On the basis of these results showing higher organic compound LCAT-inhibiting activity, the authors proposed the concept of cause and effect events in the pathogenesis of BEN. Thus, the organic compounds in drinking water from BEN villages inhibit LCAT activity, which may cause plasma lipid abnormalities and consequent changes of intracellular and cellular membrane lipid composition that can trigger the pathogenic mechanisms responsible for the development of BEN.
Based on all of these previously published hypotheses, we think that a multifactorial aetiology is the best match with regard to BEN pathophysiology, with a genetic predisposition being the ‘condicio sine qua non’ for the development of BEN. Accepting the concept of a multifactorial set of causes seems to be a valid hypothesis, as this would help explain why the BEN aetiology has been so difficult to decipher for >50 years. It seems that this multifactorial character of BEN aetiology is associated with the multilevel distribution of causative agents within a pathogenetic chain of events. A significant proportion of the pathogenetic chain of events does not only take place in the renal and upper urothelial tissue as target organs. It is likely that the intrinsic environmental aetiological factor never reaches kidney structures in its original form but only after being metabolized in the liver.

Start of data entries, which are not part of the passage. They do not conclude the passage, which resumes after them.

(* Let $F \colon Q = I \times J \to \mathbb{W}$ be a horizontal $(M,\epsilon)$-quasi-isometric embedding, where $I,J \subset \mathbb{R}$ are intervals with $|I| > 2M^{2}\sqrt{|J|} + 4M\epsilon$. Then for each fixed $(y_{0},t_{0}) \in Q$, the maps $y \mapsto \pi_{1}(F(y,t_{0}))$ and $t \mapsto \pi_{2}(F(y_{0},t))$ are $(M,2\epsilon)$-quasi-isometric embeddings $(I,|\cdot|) \to (\mathbb{R},|\cdot|)$ and $(J,\|\cdot\|) \to (\mathbb{R},\|\cdot\|)$, respectively.
   Context: $\mathbb{W}$ is $\mathbb{R}^{2}$ with the metric $d_{\mathrm{par}}((y,t),(\xi,\tau)) = \max\{|y-\xi|,|t-\tau|^{1/2}\}$; $\pi_{1}(y,t) = y$, $\pi_{2}(y,t) = t$; horizontal lines in $\mathbb{W}$ are the sets $\mathbb{R} \times \{t\}$. $\|x-y\| := \sqrt{|x-y|}$ is the square root metric on $\mathbb{R}$. A map $F \colon (X,d) \to (Y,d')$ is an $(M,\epsilon)$-quasi-isometric embedding if $M^{-1}d(x,y) - \epsilon \leq d'(F(x),F(y)) \leq Md(x,y) + \epsilon$ for all $x,y$. For a rectangle $Q = I \times J$, $F \colon Q \to \mathbb{W}$ is a horizontal $(M,\epsilon)$-quasi-isometric embedding if it is an $(M,\epsilon)$-quasi-isometric embedding w.r.t. $d_{\mathrm{par}}$ and for every $t \in J$ there is a horizontal line $\ell_{t} \subset \mathbb{W}$ with $F(I \times \{t\}) \subset \ell_{t}$. *)

From Stdlib Require Import Reals.
Open Scope R_scope.

Definition W := (R * R)%type.
Definition pi1 (p : W) : R := fst p.
Definition pi2 (p : W) : R := snd p.
Definition d_par (p q : W) : R :=
  Rmax (Rabs (fst p - fst q)) (sqrt (Rabs (snd p - snd q))).

Definition d_eucl (x y : R) : R := Rabs (x - y).
Definition d_sqrt (x y : R) : R := sqrt (Rabs (x - y)).

Definition qi_embedding {X Y : Type} (A : X -> Prop) (d : X -> X -> R)
  (d' : Y -> Y -> R) (f : X -> Y) (M eps : R) : Prop :=
  forall x y, A x -> A y ->
    / M * d x y - eps <= d' (f x) (f y) /\ d' (f x) (f y) <= M * d x y + eps.

(* I is a bounded interval with endpoints a <= b (any of the four types);
   its length |I| is b - a. *)
Definition is_interval (I : R -> Prop) (a b : R) : Prop :=
  a <= b /\ (forall x, a < x < b -> I x) /\ (forall x, I x -> a <= x <= b).

Definition rect (I J : R -> Prop) : W -> Prop := fun p => I (fst p) /\ J (snd p).

Definition horizontal_qi (I J : R -> Prop) (F : W -> W) (M eps : R) : Prop :=
  qi_embedding (rect I J) d_par d_par F M eps /\
  forall t, J t -> exists s : R, forall y, I y -> pi2 (F (y, t)) = s.

From Stdlib Require Import Reals Lra Psatz.
Open Scope R_scope.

The genetic predisposition is presumably responsible for providing the key circumstances for imposing the action of other environmental and endogenous aetiological factors. Further work aimed at exploring the contribution of factors mentioned in some hypotheses to a multifactorial aetiology and occurrence of BEN is necessary to determine the role of the environment in the aetiology of BEN and UUC.
In light of the worldwide distribution of Aristolochia spp. and the widespread use of herbal remedies in traditional Chinese medicine, as well as recently published data that some crops can take up AA from the soil, there is a possibility that diseases similar to BEN and UUC exist elsewhere as unrecognized disease entities.